I'm saving my limes so I'll know how many drinks I've had.
I do the same thing, but I use ice cubes.
The question of "Will I eat a piece of curried chicken off the floor?" has been answered tonight.
Mark my words im gonna be the drunkest groomsman outta spite for him having his wedding on a gameday
How many times can I tell him I wasnt expecting sex before he realizes I'm just too lazy to shave all the time?
he gave me a new purse full of weed and five boxes of samoas for my birthday. best boyfriend ever.
You told me you loved me after I brushed your teeth with my index finger.
I was out with the drag queens until 7am. This is the hangover I needed to kick my ass back to sobriety. Dear Virgin Mary, fuck my life.
Fuck that. I'm not afraid to die. I'll prove you can survive on a bagel bites and rum diet.

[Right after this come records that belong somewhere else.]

(* Let $g(x,y)=\sum_{i,j=-\infty}^{\infty}c(i,j)x^iy^j$ be a nonzero bilateral formal series. Then $g\perp g$ if and only if there exist integers $m_0,k_0$ with $c(m_0,k_0)\neq0$ such that for all integers $i,j$, $$c(m_0,k_0)c(i,j)-c(m_0,i)c(k_0,j)+c(m_0,j)c(k_0,i)=0.$$
   Context: A bilateral formal series in $x,y$ is a formal expression $\sum_{i,j\in\mathbb{Z}}c(i,j)x^iy^j$ with complex coefficients. For two such series $f,g$, the expression $g(u,v)f(z,w)-g(u,w)f(z,v)+g(v,w)f(z,u)$ is a well-defined formal series in four independent variables $u,v,w,z$. One writes $f\perp g$ if this expression is identically zero. *)

From HB Require Import structures.
From mathcomp Require Import all_boot all_order all_algebra.
From mathcomp Require Import complex.
From mathcomp Require Import Rstruct.
Set Implicit Arguments. Unset Strict Implicit. Unset Printing Implicit Defensive.
Import Order.TTheory GRing.Theory Num.Theory.
Local Open Scope ring_scope.

Definition CC : Type := complex Rdefinitions.R.

(* A bilateral formal series sum_{i,j in Z} c(i,j) x^i y^j, represented by its
   coefficient function c. *)
Definition bseries : Type := int -> int -> CC.

(* The coefficient of u^a v^b w^e z^d in the four-variable formal series
   g(u,v) f(z,w) - g(u,w) f(z,v) + g(v,w) f(z,u). *)
Definition perp_expr (f g : bseries) (a b e d : int) : CC :=
  g a b * f d e - g a e * f d b + g b e * f d a.

Definition perp (f g : bseries) : Prop :=
  forall a b e d : int, perp_expr f g a b e d = 0.

(* Taking a = b = e = d in the relation defining g ⊥ g gives g(a,a)^2 = 0, and
   then (a, b, a, b) and (b, a, b, a) give (g(a,b) + g(b,a))^2 = 0, so g is
   antisymmetric; with antisymmetry the relation at (m, k, j, i) is exactly the
   pivot identity at (m, k).  Conversely, the pivot identity writes
   c g(i,j) = g(m,i) g(k,j) - g(m,j) g(k,i) with c = g(m,k) != 0, i.e. c g is a
   wedge of two rows, and substituting this into c^2 times the relation makes
   it vanish identically (the Plücker relation of a decomposable bivector). *)
From HB Require Import structures.
From mathcomp Require Import all_boot all_order all_algebra.
From mathcomp Require Import complex.
From mathcomp Require Import Rstruct.
From mathcomp Require Import ring.
Import Order.TTheory GRing.Theory Num.Theory.
Local Open Scope ring_scope.

Section SelfOrthogonal.

Variables (R : idomainType) (I : Type) (g : I -> I -> R).
Implicit Types a b e d i j m k : I.

Definition self_perp : Prop :=
  forall a b e d, g a b * g d e - g a e * g d b + g b e * g d a = 0.

Definition pivot_identity m k : Prop :=
  forall i j, g m k * g i j - g m i * g k j + g m j * g k i = 0.

Lemma self_perp_diag : self_perp -> forall a, g a a = 0.
Proof.
move=> gg a; apply/eqP; rewrite -sqrf_eq0; apply/eqP.
by rewrite -(gg a a a a); ring.
Qed.

Lemma self_perp_antisym : self_perp -> forall a b, g a b = - g b a.
Proof.
move=> gg a b; apply/eqP; rewrite -addr_eq0 -sqrf_eq0; apply/eqP.
transitivity ((g b a * g a b - g b b * g a a + g a b * g a b)
              + (g a b * g b a - g a a * g b b + g b a * g b a)).
  by rewrite !(self_perp_diag gg); ring.
by rewrite gg gg addr0.
Qed.

Lemma self_perp_pivot m k : self_perp -> pivot_identity m k.
Proof.
move=> gg i j; rewrite -(gg m k j i) (self_perp_antisym gg i k).
rewrite (self_perp_antisym gg i m); ring.
Qed.

Lemma pivot_self_perp m k : g m k != 0 -> pivot_identity m k -> self_perp.
Proof.
move=> gmk0 piv a b e d.
have wedge i j : g m k * g i j = g m i * g k j - g m j * g k i.
  by apply/eqP; rewrite -subr_eq0 -(piv i j); apply/eqP; ring.
suff /eqP : g m k * g m k * (g a b * g d e - g a e * g d b + g b e * g d a) = 0.
  by rewrite mulf_eq0 (negbTE (mulf_neq0 gmk0 gmk0)) => /eqP.
transitivity ((g m k * g a b) * (g m k * g d e) - (g m k * g a e) * (g m k * g d b)
              + (g m k * g b e) * (g m k * g d a)); first by ring.
by rewrite !wedge; ring.
Qed.

End SelfOrthogonal.

Theorem lemma2p3 (g : bseries) :
  (exists i j : int, g i j != 0) ->
  (perp g g <->
   exists m0 k0 : int, g m0 k0 != 0 /\
     forall i j : int,
       g m0 k0 * g i j - g m0 i * g k0 j + g m0 j * g k0 i = 0).
Proof.
move=> [i0 [j0 gij0]]; split.
- by move=> gg; exists i0, j0; split; last exact: self_perp_pivot.
- by move=> [m0 [k0 [gmk0 piv]]]; exact: pivot_self_perp gmk0 piv.
Qed.
Lemma picard_map_derive {x : R -> 'rV[R]_n} {t : R} :
  0 < t < b -> {within `[0, b], continuous x} ->
  derivable (picard_map x) t 1 /\ derive1 (picard_map x) t = F t (x t).
Proof.
move=> /andP[t0 tb] xc.
have bb : 0 <= b <= b by rewrite lexx b_ge0.
have tI : t \in `]0, b[ by rewrite in_itv /= t0.
have Fxc j := picard_integrand_continuous j bb xc.
have FTC j := continuous_FTC1_closed tb (integrable_within_continuous (Fxc j)) t0
  (within_continuous_continuous (lt_trans t0 tb) (Fxc j) tI).
have mapE i j : (fun s => picard_map x s i j) =
    cst (y0 i j) + (fun s => \int[mu]_(u in `[0, s]) F u (x u) 0 j).
  by apply/funext => s; rewrite !mxE.
have dmap : derivable (picard_map x) t 1.
  apply/derivable_mxP => i j; rewrite mapE.
  by apply: derivableD; [exact: derivable_cst | case: (FTC j)].
split => //; rewrite derive1E derive_mx//; apply/matrixP => i j.
rewrite !mxE mapE deriveD; first last.
- by case: (FTC j).
- exact: derivable_cst.
by rewrite derive_cst add0r -derive1E (FTC j).2 (ord1 i).
Qed.

Lemma solution_picard_fixpoint {Y : R -> 'rV[R]_n} :
  {within `[0, b], continuous Y} -> Y 0 = y0 ->
  (forall s, 0 < s < b -> derivable Y s 1 /\ derive1 Y s = F s (Y s)) ->
  forall t, 0 <= t <= b -> picard_map Y t = Y t.
Proof.
move=> Yc Y0 dY t /andP[]; rewrite le_eqVlt => /predU1P[<- _|t0 tb].
  by rewrite picard_map0.
have tb' : `[0, t] `<=` `[0, b] by apply: subset_itvl; rewrite bnd_simp.
have [_ Yt0 Ytt] := (continuous_within_itvP _ t0).1 (continuous_subspaceW tb' Yc).
have dYI s : s \in `]0, t[ -> derivable Y s 1 /\ derive1 Y s = F s (Y s).
  by rewrite in_itv /= => /andP[s0 st]; apply: dY; rewrite s0 (lt_le_trans st tb).
apply/matrixP => i j; rewrite !mxE.
rewrite /Rintegral (@continuous_FTC2 _ _ (fun s => Y s i j) 0 t t0).
- by rewrite -EFinB /= Y0 addrC subrK.
- by apply: picard_integrand_continuous Yc; rewrite (ltW t0).
- split.
  + by move=> s /dYI[/derivable_mxP dYs _]; exact: dYs.
  + exact: cvg_mx_entry.
  + exact: cvg_mx_entry.
- move=> s /dYI[dYs eYs]; rewrite derive1E.
  have := congr1 (fun M : 'rV[R]_n => M i j) (derive_mx dYs).
  by rewrite /= mxE => <-; rewrite -derive1E eYs (ord1 i).
Qed.

Lemma exists_exp_weighted_bound {u v : R -> 'rV[R]_n} :
  {within `[0, b], continuous u} -> {within `[0, b], continuous v} ->
  exists2 C, 0 <= C &
    forall s, 0 <= s <= b -> `|u s - v s| <= C * expR (2 * L * s).
Proof.
move=> uc vc.
have /subspace_continuousP uvc := within_continuousB uc vc.
have [c cb Mc] : exists2 c, c \in `[0, b] & forall s, s \in `[0, b] ->
    `|u s - v s| <= `|u c - v c|.
  apply: EVT_max b_ge0 _; apply/subspace_continuousP => s sb.
  by apply: cvg_norm; exact: uvc.
exists `|u c - v c| => // s sb.
apply: le_trans (Mc s _) _; first by rewrite in_itv.
rewrite ler_peMr// -expR0 ler_expR !mulr_ge0 ?(ltW L_gt0)//.
by case/andP: sb.
Qed.

Lemma picard_fixpoint_unique Y1 Y2 :
  {within `[0, b], continuous Y1} -> {within `[0, b], continuous Y2} ->
  (forall t, 0 <= t <= b -> picard_map Y1 t = Y1 t) ->
  (forall t, 0 <= t <= b -> picard_map Y2 t = Y2 t) ->
  forall t, 0 <= t <= b -> Y1 t = Y2 t.
Proof.
move=> Y1c Y2c Y1fix Y2fix.
have [C _ YC] := exists_exp_weighted_bound Y1c Y2c.
have YCk k s : 0 <= s <= b -> `|Y1 s - Y2 s| <= C * 2^-1 ^+ k * expR (2 * L * s).
  elim: k s => [|k IH] s sb; first by rewrite expr0 mulr1; exact: YC.
  rewrite -(Y1fix s sb) -(Y2fix s sb) exprSr mulrA.
  exact: picard_map_contraction.
move=> t tb; apply/eqP; rewrite -subr_eq0 -normr_le0.
apply: (le0_geometric _ (C * expR (2 * L * t)) _ half_lt1) => k.
by rewrite mulrAC; exact: YCk.
Qed.

Lemma picard_iter_continuous k : {within `[0, b], continuous picard_iter k}.
Proof.
elim: k => [|k IH]; first exact/continuous_subspaceT/cst_continuous.
exact: picard_map_continuous.
Qed.

Section picard_convergence.
Variable C : R.
Hypothesis C_ge0 : 0 <= C.
Hypothesis picard_iter1_bound : forall s, 0 <= s <= b ->
  `|picard_iter 1 s - picard_iter 0 s| <= C * expR (2 * L * s).

Lemma picard_iter_dist0 k s : 0 <= s <= b ->
  `|picard_iter k s - picard_iter 0 s| <= 2 * C * expR (2 * L * s).
Proof.
elim: k s => [|k IH] s sb; first by rewrite subrr normr0 !mulr_ge0 ?expR_ge0.
have -> : picard_iter k.+1 s - picard_iter 0 s =
    (picard_map (picard_iter k) s - picard_iter 1 s) +
    (picard_iter 1 s - picard_iter 0 s).
  by rewrite addrA subrK.
apply: le_trans (ler_normD _ _) _.
have := picard_map_contraction (picard_iter_continuous k)
  (picard_iter_continuous 0) IH sb.
by move=> /lerD /(_ (picard_iter1_bound s sb)) /le_trans; apply; lra.
Qed.
(* Let $N,K,d,T$ be positive integers, $W>0$ and $L_0>0$. For each round $t\in[T]$ and item $i\in[N]$ let $\mathbf{x}_{ti}\in\mathbb{R}^d$ be a feature vector with $\|\mathbf{x}_{ti}\|_2\le 1$, and let $\boldsymbol\vartheta^\star=(\boldsymbol\psi^\star,\boldsymbol\phi^\star)\in\mathbb{R}^{2d}$ satisfy $\|\boldsymbol\vartheta^\star\|_2\le W$ and $\langle\boldsymbol\phi^\star,\mathbf{x}_{ti}\rangle\ge L_0$ for all $t\in[T]$, $i\in[N]$. For each $t$ let $(S_t^\star,\mathbf{p}_t^\star)\in\operatorname{argmax}_{S\in\mathcal{S}_K,\ \mathbf{p}\in\mathbb{R}_+^N} R_t(S,\mathbf{p})$. Then for all $t\in[T]$ and all $i\in S_t^\star$, $$0\le p^\star_{ti}\le P:=\frac{3+W+\log K}{L_0}.$$
   Context: $\mathcal{S}_K=\{S\subseteq[N]:|S|\le K\}$. For a price $p$, the attraction of item $i$ at round $t$ is $v_{ti}(p)=\exp(\langle\boldsymbol\psi^\star,\mathbf{x}_{ti}\rangle-\langle\boldsymbol\phi^\star,\mathbf{x}_{ti}\rangle p)$, and the expected revenue of offering assortment $S$ at price vector $\mathbf{p}\in\mathbb{R}_+^N$ is the multinomial-logit revenue $R_t(S,\mathbf{p})=\dfrac{\sum_{i\in S}p_i v_{ti}(p_i)}{1+\sum_{j\in S}v_{tj}(p_j)}$. *)

From HB Require Import structures.
From mathcomp Require Import all_boot all_order all_algebra.
From mathcomp Require Import all_classical all_reals all_analysis.
Set Implicit Arguments. Unset Strict Implicit. Unset Printing Implicit Defensive.
Import Order.TTheory GRing.Theory Num.Theory.
Local Open Scope ring_scope.

Definition dotv (R : realType) (d : nat) (u v : 'rV[R]_d) : R :=
  \sum_(k < d) u 0 k * v 0 k.
Definition norm2 (R : realType) (d : nat) (u : 'rV[R]_d) : R :=
  Num.sqrt (dotv u u).
(* Norm of the stacked vector (psi, phi) in R^{2d}. *)
Definition norm2_pair (R : realType) (d : nat) (u v : 'rV[R]_d) : R :=
  Num.sqrt (dotv u u + dotv v v).

Definition attraction (R : realType) (d : nat) (psi phi x : 'rV[R]_d) (p : R) : R :=
  expR (dotv psi x - dotv phi x * p).

Definition revenue (R : realType) (d N : nat) (psi phi : 'rV[R]_d)
  (xt : 'I_N -> 'rV[R]_d) (S : {set 'I_N}) (p : 'I_N -> R) : R :=
  (\sum_(i in S) p i * attraction psi phi (xt i) (p i)) /
  (1 + \sum_(j in S) attraction psi phi (xt j) (p j)).

From HB Require Import structures.
From mathcomp Require Import all_boot all_order all_algebra.
From mathcomp Require Import all_classical all_reals all_analysis.
From mathcomp Require Import ring lra.
Import Order.TTheory GRing.Theory Num.Theory.
Local Open Scope ring_scope.

(* Write a_i = <psi, x_i> and b_i = <phi, x_i>, so that v_i(q) = exp(a_i - b_i q),
   and let r be the optimal revenue.  The revenue satisfies
   r = sum_{i in S} (p_i - r) v_i(p_i), and changing the single price p_i to q
   leaves the revenue below r only if (q - r) v_i(q) <= (p_i - r) v_i(p_i); as
   q |-> (q - r) v_i(q) peaks exactly at q = r + 1/b_i with value
   exp(a_i - b_i r - 1)/b_i, optimality forces p_i = r + 1/b_i.  Bounding every
   summand by that peak gives L0 r <= K exp(W - L0 r - 1), whence
   L0 r <= 1 + W + log K and p_i <= r + 1/L0 <= (2 + W + log K)/L0. *)

Section MarkupBound.
Context {R : realType}.

Lemma mul_expR1B_lt1 (y : R) : y != 1 -> y * expR (1 - y) < 1.
Proof.
move=> y_neq1.
have expRB : expR (y - 1) * expR (1 - y) = 1.
  by rewrite -expRD (_ : y - 1 + (1 - y) = 0) ?expR0 //; ring.
rewrite -[X in _ < X]expRB ltr_pM2r ?expR_gt0 //.
have : y - 1 != 0 by rewrite subr_eq0.
by move=> /expR_gt1Dx; lra.
Qed.

Lemma mul_expR1B_le1 (y : R) : y * expR (1 - y) <= 1.
Proof.
have [->|/mul_expR1B_lt1/ltW//] := eqVneq y 1.
by rewrite subrr expR0 mulr1.
Qed.

Lemma markup_expRE (a b c q : R) : b != 0 ->
  (q - c) * expR (a - b * q) =
  b * (q - c) * expR (1 - b * (q - c)) * (expR (a - b * c - 1) / b).
Proof.
move=> b_neq0.
have -> : expR (a - b * q) = expR (1 - b * (q - c)) * expR (a - b * c - 1).
  by rewrite -expRD; congr expR; ring.
by field.
Qed.

Lemma markup_expR_le (a b c q : R) : 0 < b ->
  (q - c) * expR (a - b * q) <= expR (a - b * c - 1) / b.
Proof.
move=> b_gt0; rewrite markup_expRE ?gt_eqF //.
by rewrite ler_piMl ?mul_expR1B_le1 // divr_ge0 ?expR_ge0 ?ltW.
Qed.

Lemma markup_expR_lt (a b c q : R) : 0 < b -> q != c + b^-1 ->
  (q - c) * expR (a - b * q) < expR (a - b * c - 1) / b.
Proof.
move=> b_gt0 q_neq; rewrite markup_expRE ?gt_eqF //.
rewrite gtr_pMl ?divr_gt0 ?expR_gt0 // mul_expR1B_lt1 //.
apply: contra q_neq => /eqP bq1; apply/eqP.
by rewrite -[q](subrK c) -[q - c](mulKf (lt0r_neq0 b_gt0)) bq1 mulr1 addrC.
Qed.

Lemma markup_expR_peak (a b c : R) : 0 < b ->
  (c + b^-1 - c) * expR (a - b * (c + b^-1)) = expR (a - b * c - 1) / b.
Proof.
move=> b_gt0; rewrite markup_expRE ?gt_eqF //.
by rewrite addrC addKr mulfV ?gt_eqF // subrr expR0 !mul1r.
Qed.

Lemma le_expRB_bound (s y : R) : 0 <= s -> y <= expR (s - y) -> y <= 1 + s.
Proof.
move=> s_ge0 y_le; rewrite leNgt; apply/negP => y_gt.
suff : expR (s - y) < 1 by lra.
by rewrite expR_lt1; lra.
Qed.

End MarkupBound.

Section MNLRevenue.
Context {R : realType} {N : nat}.
Variables (S : {set 'I_N}) (a b : 'I_N -> R).

Definition mnl_attraction (j : 'I_N) (q : R) : R := expR (a j - b j * q).

Definition mnl_revenue (p : 'I_N -> R) : R :=
  (\sum_(j in S) p j * mnl_attraction j (p j)) /
  (1 + \sum_(j in S) mnl_attraction j (p j)).

Definition set_price (p : 'I_N -> R) (i : 'I_N) (q : R) : 'I_N -> R :=
  fun j => if j == i then q else p j.

Lemma mnl_den_gt0 (p : 'I_N -> R) : 0 < 1 + \sum_(j in S) mnl_attraction j (p j).
Proof. by apply: ltr_pwDl; rewrite ?ltr01 //; apply: sumr_ge0 => j _; rewrite expR_ge0. Qed.

Lemma mnl_revenue_ge0 (p : 'I_N -> R) : (forall j, 0 <= p j) -> 0 <= mnl_revenue p.
Proof.
move=> p_ge0; apply: divr_ge0; last exact/ltW/mnl_den_gt0.
by apply: sumr_ge0 => j _; rewrite mulr_ge0 ?expR_ge0.
Qed.

Lemma mnl_revenue_subE (p : 'I_N -> R) (r : R) :
  \sum_(j in S) (p j - r) * mnl_attraction j (p j) - r =
  (1 + \sum_(j in S) mnl_attraction j (p j)) * (mnl_revenue p - r).
Proof.
under eq_bigr do rewrite mulrBl.
rewrite sumrB -mulr_sumr /mnl_revenue.
by move: (mnl_den_gt0 p) => /lt0r_neq0 den_neq0; field.
Qed.

Lemma mnl_revenue_fixpoint (p : 'I_N -> R) :
  \sum_(j in S) (p j - mnl_revenue p) * mnl_attraction j (p j) = mnl_revenue p.
Proof. by apply/eqP; rewrite -subr_eq0 mnl_revenue_subE subrr mulr0. Qed.

Lemma mnl_revenue_le (p : 'I_N -> R) (r : R) :
  (mnl_revenue p <= r) = (\sum_(j in S) (p j - r) * mnl_attraction j (p j) <= r).
Proof.
by rewrite -subr_le0 -(pmulr_rle0 _ (mnl_den_gt0 p)) -mnl_revenue_subE subr_le0.
Qed.

Lemma mnl_revenue_set_price_le (p : 'I_N -> R) (i : 'I_N) (q : R) : i \in S ->
  mnl_revenue (set_price p i q) <= mnl_revenue p ->
  (q - mnl_revenue p) * mnl_attraction i q <=
  (p i - mnl_revenue p) * mnl_attraction i (p i).
Proof.
move=> Si; rewrite mnl_revenue_le (bigD1 i) //= /set_price eqxx.
set r := mnl_revenue p.
rewrite (eq_bigr (fun j => (p j - r) * mnl_attraction j (p j))); last first.
  by move=> j /andP[_ /negbTE ->].
by have := mnl_revenue_fixpoint p; rewrite (bigD1 i) //= -/r; lra.
Qed.

Section Optimal.
Context {p : 'I_N -> R}.
Hypothesis p_ge0 : forall j, 0 <= p j.
Hypothesis p_opt : forall p', (forall j, 0 <= p' j) -> mnl_revenue p' <= mnl_revenue p.

Lemma mnl_optimal_priceE (i : 'I_N) : i \in S -> 0 < b i ->
  p i = mnl_revenue p + (b i)^-1.
Proof.
move=> Si bi_gt0; apply/eqP/negPn/negP => p_neq.
set r := mnl_revenue p.
have set_price_ge0 : forall j, 0 <= set_price p i (r + (b i)^-1) j.
  move=> j; rewrite /set_price; case: eqP => // _.
  by rewrite addr_ge0 ?mnl_revenue_ge0 // invr_ge0 ltW.
have := @mnl_revenue_set_price_le p i _ Si (p_opt _ set_price_ge0).
rewrite /mnl_attraction markup_expR_peak // -/r.
by have := markup_expR_lt (a i) (b i) r (p i) bi_gt0 p_neq; lra.
Qed.

Section Bounds.
Context {K : nat} {W L0 : R}.
Hypotheses (L0_gt0 : 0 < L0) (W_ge0 : 0 <= W) (K_gt0 : (0 < K)%N).
Hypotheses (S_le : (#|S| <= K)%N) (a_le : forall j, a j <= W) (b_ge : forall j, L0 <= b j).

Lemma mnl_revenue_le_card :
  mnl_revenue p <= #|S|%:R * (expR (W - L0 * mnl_revenue p - 1) / L0).
Proof.
rewrite -{1}mnl_revenue_fixpoint; set r := mnl_revenue p.
have r_ge0 : 0 <= r := mnl_revenue_ge0 _ p_ge0.
rewrite mulr_natl -sumr_const ler_sum // => j _.
have bj_gt0 : 0 < b j by exact: lt_le_trans (b_ge j).
apply: le_trans (markup_expR_le (a j) _ r (p j) bj_gt0) _.
apply: ler_pM.
- exact: expR_ge0.
- by rewrite invr_ge0 ltW.
- by rewrite ler_expR; have := a_le j; have := ler_wpM2r r_ge0 (b_ge j); lra.
- by rewrite lef_pV2 ?posrE.
Qed.

Lemma mnl_optimal_revenue_le : L0 * mnl_revenue p <= 1 + (W + ln K%:R).
Proof.
have K_pos : (0 : R) < K%:R by rewrite ltr0n.
have lnK_ge0 : 0 <= ln (K%:R : R) by rewrite ln_ge0 // ler1n.
apply: le_expRB_bound; first exact: addr_ge0.
set r := mnl_revenue p.
have : L0 * r <= K%:R * expR (W - L0 * r - 1).
  apply: le_trans (ler_wpM2l (ltW L0_gt0) mnl_revenue_le_card) _.
  rewrite mulrCA [L0 * (_ / _)]mulrC divfK ?gt_eqF //.
  by apply: ler_wpM2r; rewrite ?expR_ge0 ?ler_nat.
move=> /le_trans; apply.
by rewrite -{1}(lnK K_pos) -expRD ler_expR; lra.
Qed.

Lemma mnl_optimal_price_le (i : 'I_N) : i \in S -> p i <= (2 + W + ln K%:R) / L0.
Proof.
move=> Si; have bi_gt0 : 0 < b i by exact: lt_le_trans (b_ge i).
rewrite (mnl_optimal_priceE i Si bi_gt0) ler_pdivlMr // mulrDl mulrC.
have : (b i)^-1 * L0 <= 1 by rewrite mulrC ler_pdivrMr // mul1r.
by have := mnl_optimal_revenue_le; lra.
Qed.

End Bounds.
End Optimal.
End MNLRevenue.

Section EuclideanNorm.
Context {R : realType} {d : nat}.
Implicit Types u v : 'rV[R]_d.

Lemma dotv_self_ge0 u : 0 <= dotv u u.
Proof. by apply: sumr_ge0 => k _; rewrite -expr2 sqr_ge0. Qed.

Lemma norm2_ge0 u : 0 <= norm2 u.
Proof. exact: sqrtr_ge0. Qed.

Lemma sqr_norm2 u : norm2 u ^+ 2 = dotv u u.
Proof. by rewrite sqr_sqrtr ?dotv_self_ge0. Qed.

Lemma norm2_le_pair u v : norm2 u <= norm2_pair u v.
Proof. by rewrite ler_sqrt ?lerDl ?addr_ge0 ?dotv_self_ge0. Qed.

Lemma dotv_le u v (W : R) : 0 < W -> norm2 u <= W -> norm2 v <= 1 -> dotv u v <= W.
Proof.
move=> W_gt0 u_le v_le.
have uu_le : dotv u u <= W ^+ 2 by rewrite -sqr_norm2; have := norm2_ge0 u; nra.
have vv_le : dotv v v <= 1 by rewrite -sqr_norm2; have := norm2_ge0 v; nra.
have : 0 <= \sum_(k < d) (u 0 k - W * v 0 k) ^+ 2
  by apply: sumr_ge0 => k _; rewrite sqr_ge0.
have -> : \sum_(k < d) (u 0 k - W * v 0 k) ^+ 2 =
          dotv u u - 2 * W * dotv u v + W ^+ 2 * dotv v v.
  by rewrite /dotv !mulr_sumr -sumrB -big_split /=; apply: eq_bigr => k _; ring.
nra.
Qed.

End EuclideanNorm.

Theorem lemma2p1 (R : realType) (N K d T : nat) (W L0 : R)
  (x : 'I_T -> 'I_N -> 'rV[R]_d) (psi phi : 'rV[R]_d)
  (Sstar : 'I_T -> {set 'I_N}) (pstar : 'I_T -> 'I_N -> R) :
  (0 < N)%N -> (0 < K)%N -> (0 < d)%N -> (0 < T)%N ->
  0 < W -> 0 < L0 ->
  (forall t i, norm2 (x t i) <= 1) ->
  norm2_pair psi phi <= W ->
  (forall t i, L0 <= dotv phi (x t i)) ->
  (* (Sstar t, pstar t) is a maximizer of R_t over S_K x R_+^N *)
  (forall t, (#|Sstar t| <= K)%N /\ (forall i, 0 <= pstar t i)) ->
  (forall t (S : {set 'I_N}) (p : 'I_N -> R),
      (#|S| <= K)%N -> (forall i, 0 <= p i) ->
      revenue psi phi (x t) S p <= revenue psi phi (x t) (Sstar t) (pstar t)) ->
  forall t i, i \in Sstar t ->
    0 <= pstar t i /\ pstar t i <= (3 + W + ln (K%:R)) / L0.
Proof.
move=> _ K_gt0 _ _ W_gt0 L0_gt0 x_le1 pair_le phi_ge Sstar_feas Sstar_opt t i Si.
have [card_le pstar_ge0] := Sstar_feas t.
split; first exact: pstar_ge0.
have psi_le : forall j, dotv psi (x t j) <= W.
  by move=> j; apply: dotv_le => //; apply: le_trans (norm2_le_pair _ phi) pair_le.
have := mnl_optimal_price_le (Sstar t) (fun j => dotv psi (x t j))
  (fun j => dotv phi (x t j)) pstar_ge0 (fun p => Sstar_opt t _ p card_le)
  L0_gt0 (ltW W_gt0) K_gt0 card_le psi_le (phi_ge t) i Si.
move=> /le_trans; apply.
by rewrite ler_wpM2r ?invr_ge0 ?ltW //; lra.
Qed.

Well, no one has ever described you as a perfectly balanced individual
Can I also remind you that we insisted on touching his mustache?
Well of course I remember it took up like 20 minutes of my night.
I just found a half a joint in my bed. . .don't know if this qualifies as a proud moment or a cry for help
Jesus Christ. Even your cock has to be an overachiever. :-(
I hate political talk. I just wanna get fucked into an alternate universe where Bernie Sanders is president.
Russell is lonely. He needs a companion.
You're lucky you have a monster cock or most people may just laugh at your penis' nickname.
I'm getting drunk off Malibu and watching Drag Race and it's only 2 in the afternoon. I'm the poster child for sad gay men.